DevOps & Site Reliability Engineer with 3 YOE in building and automating cloud-native infrastructure across AWS & GCP. Skilled in Kubernetes, CI/CD, Infrastructure as Code, and observability tools (Prometheus, Grafana, ELK, APM), with proven expertise in cost optimization, monitoring, and system reliability.
Disaster Recovery & Resilience – Replicated AWS infrastructure (EC2, ECS, EKS, RDS, Route53, SNS, VPC, VPC Peering, Codedeploy, Cloudwatch, Lambda, Elasticache, Auto Scaling Groups, Load Balancers, ECR) to the Hyderabad region using Terraform, ensuring business continuity and high availability
Compliance & Security – Conducted infrastructure audits aligned with ISO 27000 & DPDP standards, enabling certification readiness and strengthening cloud security practices.
FinOps & Monitoring Optimization – Replaced New Relic with Signoz on EKS, reducing monitoring costs by 55% while enhancing application performance visibility.
One-Click Environment – provisioning (server setup, RDS DB creation, Parameter Store, Nginx, DNS, CDN, deployment, and testing) to streamline release process using Terraform and Python Boto3.
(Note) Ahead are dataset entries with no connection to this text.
Lemma card_setI_gt {R : realFieldType} {I : finType} (J : {set I}) (b : pred I)
    (alpha tau : R) :
  tau < 1 -> #|J|%:R = (1 - tau) * #|I|%:R -> alpha * #|I|%:R < #|b|%:R ->
  (alpha - tau) / (1 - tau) * #|J|%:R < #|[set j in J | b j]|%:R.
Proof.
move=> tau_lt1 cardJ b_gt.
have cardCJ : #|~: J|%:R = #|I|%:R - #|J|%:R :> R.
  by rewrite -(cardsC J) natrD addrC addKr.
have -> : (alpha - tau) / (1 - tau) * #|J|%:R = (alpha - tau) * #|I|%:R.
  by rewrite cardJ mulrA divfK // lt0r_neq0 // subr_gt0.
have := card_le_card_setI_setC J b; rewrite -(ler_nat R) natrD cardCJ; lra.
Qed.

Section InnerProductNorm.
Context {R : realType} {V : normedModType R} {ip : V -> V -> R}.

Lemma hilbert_radius_gap (alpha r D : R) :
  0 < alpha < 1 / 2 -> 0 <= r ->
  (1 - alpha) * Num.sqrt (1 / (1 - 2 * alpha)) * r < D ->
  r < D /\ alpha * D < (1 - alpha) * Num.sqrt (D ^+ 2 - r ^+ 2).
Proof.
move=> /andP[alpha_gt0 alpha_lt] r_ge0 far.
have gap_gt0 : 0 < 1 - 2 * alpha by lra.
set s := Num.sqrt _ in far.
have s2 : s ^+ 2 * (1 - 2 * alpha) = 1.
  rewrite sqr_sqrtr ?divr_ge0 ?ltW //.
  by rewrite mul1r mulVf // gt_eqF.
have s_ge0 : 0 <= s := sqrtr_ge0 _.
have D_ge0 : 0 <= D.
  by apply: le_trans (ltW far); rewrite !mulr_ge0 //; lra.
have far2 : (1 - alpha) ^+ 2 * r ^+ 2 < (1 - 2 * alpha) * D ^+ 2.
  have -> : (1 - alpha) ^+ 2 * r ^+ 2 = (1 - 2 * alpha) * ((1 - alpha) * s * r) ^+ 2.
    by rewrite -[LHS]mulr1 -[X in _ * X]s2; ring.
  have lhs_ge0 : 0 <= (1 - alpha) * s * r by rewrite !mulr_ge0 //; lra.
  by rewrite ltr_pM2l // ltr_pXn2r.
have rD : r < D.
  rewrite -(ltr_pXn2r (n := 2)) //.
  rewrite -(ltr_pM2l gap_gt0); apply: le_lt_trans far2.
  by rewrite ler_wpM2r ?sqr_ge0 //; nra.
have rho2 : Num.sqrt (D ^+ 2 - r ^+ 2) ^+ 2 = D ^+ 2 - r ^+ 2.
  by rewrite sqr_sqrtr // subr_ge0 ler_pXn2r // ltW.
have aD_ge0 : 0 <= alpha * D by rewrite mulr_ge0 // ltW.
have rhs_ge0 : 0 <= (1 - alpha) * Num.sqrt (D ^+ 2 - r ^+ 2).
  by rewrite mulr_ge0 //; lra.
split=> //; rewrite -(ltr_pXn2r (n := 2)) // !exprMn rho2; nra.
Qed.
Cloud Automation – Developed AWS Lambda + Python workflows for incremental RDS backups, scheduled start/stop of EC2 & RDS instances, daily AMI and snapshot creation, and automated cleanup to optimize cost and ensure disaster recovery readiness.
DevOps Engineer
ShopDeck (E-Commerce Company)
06.2024 - 02.2025
CI/CD Optimization – Migrated from GCP Cloud Build to Jenkins, lowering CI/CD costs and improving build pipeline efficiency. Automated deployments with ArgoCD for Kubernetes.
Infra as Code – Automated provisioning of nginx VMs and domain onboarding for 1500+ sellers using Terraform + Ansible, integrated with SSL certbot.
Observability & Logging – Implemented ELK stack for Kubernetes pod logging with Logstash GROK filters and Index Lifecycle Management (ILM) to optimize log storage.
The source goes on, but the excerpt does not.